Morphotaxonomic analyses

In total, 18,351 specimens representing 116 taxa (including 98 genera) were sorted from 10 grab samples (Supplementary Table 3). On average (±standard deviation), 17.2 (±6.67) species occur at stations close to the cages (within 60 meters) and 47.25 (±8.6) species occur at remote stations. The number of specimens ranges from 366 to 7083 in AZE stations (st. 1 to 6) and from 217 to 320 in distant stations. Both the Shannon H’ and Pielou J indices indicate a lower diversity close to cages (H’ = 0.77 ± 0.24 and J = 0.27 ± 0.07) as compared to remote stations (H’ = 3.2 ± 0.08 and J = 0.83 ± 0.035). The benthic communities in AZE stations are dominated by the annelids: Capitella spp, (76.7 ± 11%), Tubificoides benedii (1.66 ± 2.13%) and Malacoceros fuliginosus (3.03 ± 2.55%) and unidentified nematods (15.8 ± 9.4%). In distant stations (st. 7 to 10), only five specimens belonging to these taxa could be found. The seven species which dominate in the distant stations belong to diverse phyla, including one gastropod (10.79 ± 4.40%), one bivalve (8.47 ± 2.99%), one Echinoderm (5.03 ± 2.31%) and four annelids orders: Capitellida (4.34 ± 2.41%), Terebellida (8.57 ± 2.40%), Spionida (1.93 ± 0.71%) and Phyllodocida (9.15 ± 1.10%).

HTS data statistics

We obtained about 4.5 million eukaryotic reads distributed across 100 samples (5 DNA and 5 cDNA replicates at 10 sampling stations), from which a subset of 583,574 and 295,727 sequence reads correspond to Metazoa, for DNA and RNA respectively (Supplementary Table 4). We discarded five DNA samples including four from station 1 and one from station 2 because after filtering they contained no sequence or less than three metazoan sequences, respectively. We found significantly more metazoan sequences in the DNA than in the RNA samples (Friedman rank sum test excluding samples 1 and 2 because of missing sample pairs, p-value = 0.008), as well as in two out of three stations situated far from the cages (stations 7 and 9) (Pairwise Wilcoxon Mann-Whitney tests with FDR correction: p-value = 0.036, Supplementary Fig. 1 and Supplementary Table 5). Similarly, the OTU richness is systematically higher in DNA samples than in RNA samples, irrespective of the threshold used for OTUs clustering (Friedman rank sum test excluding samples 1 and 2 because of missing sample pairs, p-value: 1.54 10−5).

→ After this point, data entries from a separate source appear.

(* Let $\mathbb{V}$ be a finite-dimensional real inner product space with inner product $\langle\cdot,\cdot\rangle$, let $\mathcal{C}\subseteq\mathbb{V}$ be a convex set, let $\mathcal{F}:\mathcal{C}\to\mathbb{V}$ be a map, and let $f:\mathcal{C}\to\mathbb{R}$ be defined by $f(x)=\langle x,\mathcal{F}(x)\rangle$. Suppose that $$\langle x,\mathcal{F}(x)-\mathcal{F}(y)\rangle\ge 0\qquad\text{for all }x,y\in\mathcal{C}.$$ Then $f$ is convex and $\mathcal{F}(x)\in\partial f(x)$ for all $x\in\mathcal{C}$.
   Context: For $x\in\mathcal{C}$, the subdifferential of $f$ at $x$ (relative to $\mathcal{C}$) is $\partial f(x)=\{g\in\mathbb{V}: f(y)\ge f(x)+\langle g,y-x\rangle \text{ for all } y\in\mathcal{C}\}$. *)

From HB Require Import structures.
From mathcomp Require Import all_boot all_order all_algebra.
From mathcomp Require Import all_classical all_reals.
From mathcomp Require Import convex.
Set Implicit Arguments. Unset Strict Implicit. Unset Printing Implicit Defensive.
Import Order.TTheory GRing.Theory Num.Theory.
Local Open Scope ring_scope.
Local Open Scope classical_set_scope.

Definition is_inner_product (R : realType) (V : lmodType R)
    (ip : V -> V -> R) : Prop :=
  [/\ (forall x y, ip x y = ip y x),
      (forall a x y z, ip (a *: x + y) z = a * ip x z + ip y z),
      (forall x, 0 <= ip x x)
    & (forall x, ip x x = 0 -> x = 0)].

Definition subdifferential (R : realType) (V : lmodType R)
    (ip : V -> V -> R) (C : set V) (f : V -> R) (x : V) : set V :=
  [set g | forall y, C y -> f x + ip g (y - x) <= f y].

From HB Require Import structures.
From mathcomp Require Import all_boot all_order all_algebra.
From mathcomp Require Import all_classical all_reals.
From mathcomp Require Import convex.
From mathcomp Require Import lra interval_inference.
Set Implicit Arguments. Unset Strict Implicit. Unset Printing Implicit Defensive.
Import Order.TTheory GRing.Theory Num.Theory.
Local Open Scope ring_scope.
Local Open Scope classical_set_scope.
Local Open Scope convex_scope.

(* Expanding [f y - f x - <F x, y - x>] with f(x) = <x, F x> leaves exactly
   [<y, F y - F x>], so the monotonicity hypothesis is the subgradient
   inequality for [F x] at [x].  A function admitting a subgradient at every
   point of a convex set is convex: average the subgradient inequalities at
   [z = t x + (1 - t) y] towards [x] and [y]; the linear terms cancel. *)

Section SymmetricBilinear.
Variables (R : realType) (V : lmodType R) (ip : V -> V -> R).
Hypothesis ipC : forall x y, ip x y = ip y x.
Hypothesis ip_linearl : forall a x y z, ip (a *: x + y) z = a * ip x z + ip y z.

Lemma ip0l z : ip 0 z = 0.
Proof. by have := ip_linearl 1 0 0 z; rewrite scaler0 addr0 mul1r; lra. Qed.

Lemma ip_linearr a x y z : ip z (a *: x + y) = a * ip z x + ip z y.
Proof. by rewrite ipC ip_linearl ![ip _ z]ipC. Qed.

Lemma ip0r z : ip z 0 = 0.
Proof. by rewrite ipC ip0l. Qed.

Lemma ipZr a x z : ip z (a *: x) = a * ip z x.
Proof. by rewrite -[a *: x]addr0 ip_linearr ip0r addr0. Qed.

Lemma ipBl x y z : ip (x - y) z = ip x z - ip y z.
Proof. by rewrite addrC -scaleN1r ip_linearl mulN1r addrC. Qed.

Lemma ipBr x y z : ip z (x - y) = ip z x - ip z y.
Proof. by rewrite ipC ipBl ![ip _ z]ipC. Qed.

Lemma ip_subgradient_gap (F : V -> V) x y :
  ip y (F y) - (ip x (F x) + ip (F x) (y - x)) = ip y (F y - F x).
Proof. rewrite ipBr ipBr [ip (F x) y]ipC [ip (F x) x]ipC; lra. Qed.

Lemma convex_function_of_subgradients (C : set V) (f : V -> R) :
  convex_set (C : set (convex_lmodType V)) ->
  (forall x, C x -> exists g, subdifferential ip C f x g) ->
  convex_function (C : set (convex_lmodType V)) f.
Proof.
move=> convC subC t x y; rewrite !inE => Cx Cy.
set z := x <| t |> y.
have Cz : C z by have := convC x y t; rewrite !inE; apply.
have [g gz] := subC z Cz.
have zx := gz x Cx; have zy := gz y Cy.
have t0 : 0 <= t%:inum by [].
have t1 : 0 <= 1 - t%:inum by rewrite subr_ge0 le1.
have zE : z = t%:inum *: x + (1 - t%:inum) *: y by [].
have lin_cancel : t%:inum * ip g (x - z) + (1 - t%:inum) * ip g (y - z) = 0.
  rewrite -ipZr addrC -ip_linearr -(ip0r g); congr (ip g _).
  rewrite !scalerBr addrACA -opprD -scalerDl subrK scale1r.
  by rewrite zE [_ *: y + _]addrC subrr.
have hx := ler_wpM2l t0 zx; have hy := ler_wpM2l t1 zy.
change (f z <= t%:inum * f x + (1 - t%:inum) * f y); lra.
Qed.

End SymmetricBilinear.

Theorem mainTheorem1 (R : realType) (V : vectType R) (ip : V -> V -> R)
    (C : set V) (F : V -> V) :
  is_inner_product ip ->
  convex_set (C : set (convex_lmodType V)) ->
  (forall x y, C x -> C y -> 0 <= ip x (F x - F y)) ->
  convex_function (C : set (convex_lmodType V)) (fun x : V => ip x (F x))
  /\ (forall x, C x -> subdifferential ip C (fun z : V => ip z (F z)) x (F x)).
Proof.
move=> [ipC ip_linearl _ _] convC monoF.
set f := fun z : V => ip z (F z).
have subF x : C x -> subdifferential ip C f x (F x).
  move=> Cx y Cy; rewrite -subr_ge0 /f (ip_subgradient_gap ipC ip_linearl).
  exact: monoF.
split=> //; apply: (convex_function_of_subgradients ipC ip_linearl (f := f) convC).
by move=> x Cx; exists (F x); exact: subF.
Qed.
(* Let $f,g$ satisfy the standing assumptions below and suppose $\beta\ge\frac{2M_fQ_g}{\mu^3}$. Then for any $(x,y)\in\mathbb{R}^n\times\mathbb{R}^p$, $0\in\mathcal{D}_h(x,y)$ if and only if $0\in\hat{\mathcal{D}}_p(x,y)$.
   Context: Standing assumptions. (A1) Constants $M_f,\mu,L_g,Q_g>0$ exist such that: $f:\mathbb{R}^n\times\mathbb{R}^p\to\mathbb{R}$ is $M_f$-Lipschitz; $g$ is twice differentiable with $\nabla^2_{yy}g\succeq\mu I_p$; $\nabla g$ is $L_g$-Lipschitz; $\nabla^2_{yy}g,\nabla^2_{xy}g$ are $Q_g$-Lipschitz; $\nabla^2_{yy}g$ is continuously differentiable ($\nabla^2_{xy}g\in\mathbb{R}^{n\times p}$ has entries $\partial^2g/\partial x_i\partial y_j$). (A2) $f$ is a potential function of a conservative field $\mathcal{D}_f$ with compact convex values of norm at most $M_f$. Notation (all at $(x,y)$): $H=\nabla^2_{yy}g$; $\mathcal{A}(x,y):=y-H^{-1}\nabla_yg$; $\nabla^3_{xyy}g(x,y)[d]:=\lim_{t\to0}\frac1t(\nabla^2_{xy}g(x,y+td)-\nabla^2_{xy}g(x,y))$, $\nabla^3_{yyy}g(x,y)[d]:=\lim_{t\to0}\frac1t(\nabla^2_{yy}g(x,y+td)-\nabla^2_{yy}g(x,y))$; $J_{A,x}:=-\nabla^2_{xy}gH^{-1}+\nabla^3_{xyy}g[H^{-1}\nabla_yg]H^{-1}$, $J_{A,y}:=\nabla^3_{yyy}g[H^{-1}\nabla_yg]H^{-1}$; $\mathcal{D}_h(x,y):=\{(d_x+J_{A,x}d_y+\beta\nabla^2_{xy}g\nabla_yg,\ J_{A,y}d_y+\beta H\nabla_yg):(d_x,d_y)\in\mathcal{D}_f(x,\mathcal{A}(x,y))\}$; $W(x,y):=[I_n,\ -\nabla^2_{xy}g(x,y)H^{-1}]\in\mathbb{R}^{n\times(n+p)}$; $\hat{\mathcal{D}}_p(x,y):=\{W(x,y)^\top W(x,y)d+(0,\beta\nabla_yg(x,y)):d\in\mathcal{D}_f(x,\mathcal{A}(x,y))\}$. *)

From HB Require Import structures.
From mathcomp Require Import all_boot all_order all_algebra.
From mathcomp Require Import all_classical all_reals all_analysis.
Set Implicit Arguments. Unset Strict Implicit. Unset Printing Implicit Defensive.
Import Order.TTheory GRing.Theory Num.Theory.
Import numFieldNormedType.Exports.
Local Open Scope classical_set_scope.
Local Open Scope ring_scope.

We used the sequence dataset of 163 OTUs clustered at 3% dissimilarity for further analyses of metazoan communities. The OTU richness is significantly higher at remote stations than close to the cages, but only for DNA samples (Fig. 1, Supplementary Table 6). For the RNA data, the OTU richness does not show any particular pattern, except for the most distant station 9 appearing less OTU-rich than the stations close to the cages. Interestingly, even in the DNA data the increase of the OTU richness observed in distant stations is much lower than the number of morphologically identified species.

Figure 1
figure 1

Morphological species and molecular OTU richness.

For each station the number of taxa identified morphologically (grey squares) as well as the number of OTUs obtained using DNA (blue boxes) and RNA (green boxes) are shown. The boxplots entail up to 5 samples (PCR replicates) per station for the molecular data. In the lower panel the distance to the cage in meters (yellow) and the redox value (green) for each station are indicated.

Taxonomic composition

The molecular assemblage of 163 metazoan OTUs is dominated by annelids (28.2%), Platyhelminthes (20.8%), nematodes (17.8%) and arthropods (14.1%). Other major metazoan phyla, such as molluscs, cnidarians or echinoderms are represented by relatively few OTUs (from 1.22 to 4.29%). Four phyla (Bryozoa, Entoprocta, Priapulida and Sipuncula) occurring in the morphotaxonomic inventory could not be detected in the HTS data. Although represented with reduced OTU diversity, we could detect the presence of Hemichordates and several small-sized phyla (Gastrotricha, Kinorhyncha and Rotifera) that are not reported in the morphotaxonomic study. The most striking discrepancy between morphological and molecular data is that numerous OTUs could be assigned to Platyhelminthes and Acoelomorpha whereas these meiofaunal taxa are not included in the morphotaxonomic inventories (Supplementary Tables 3 and 7).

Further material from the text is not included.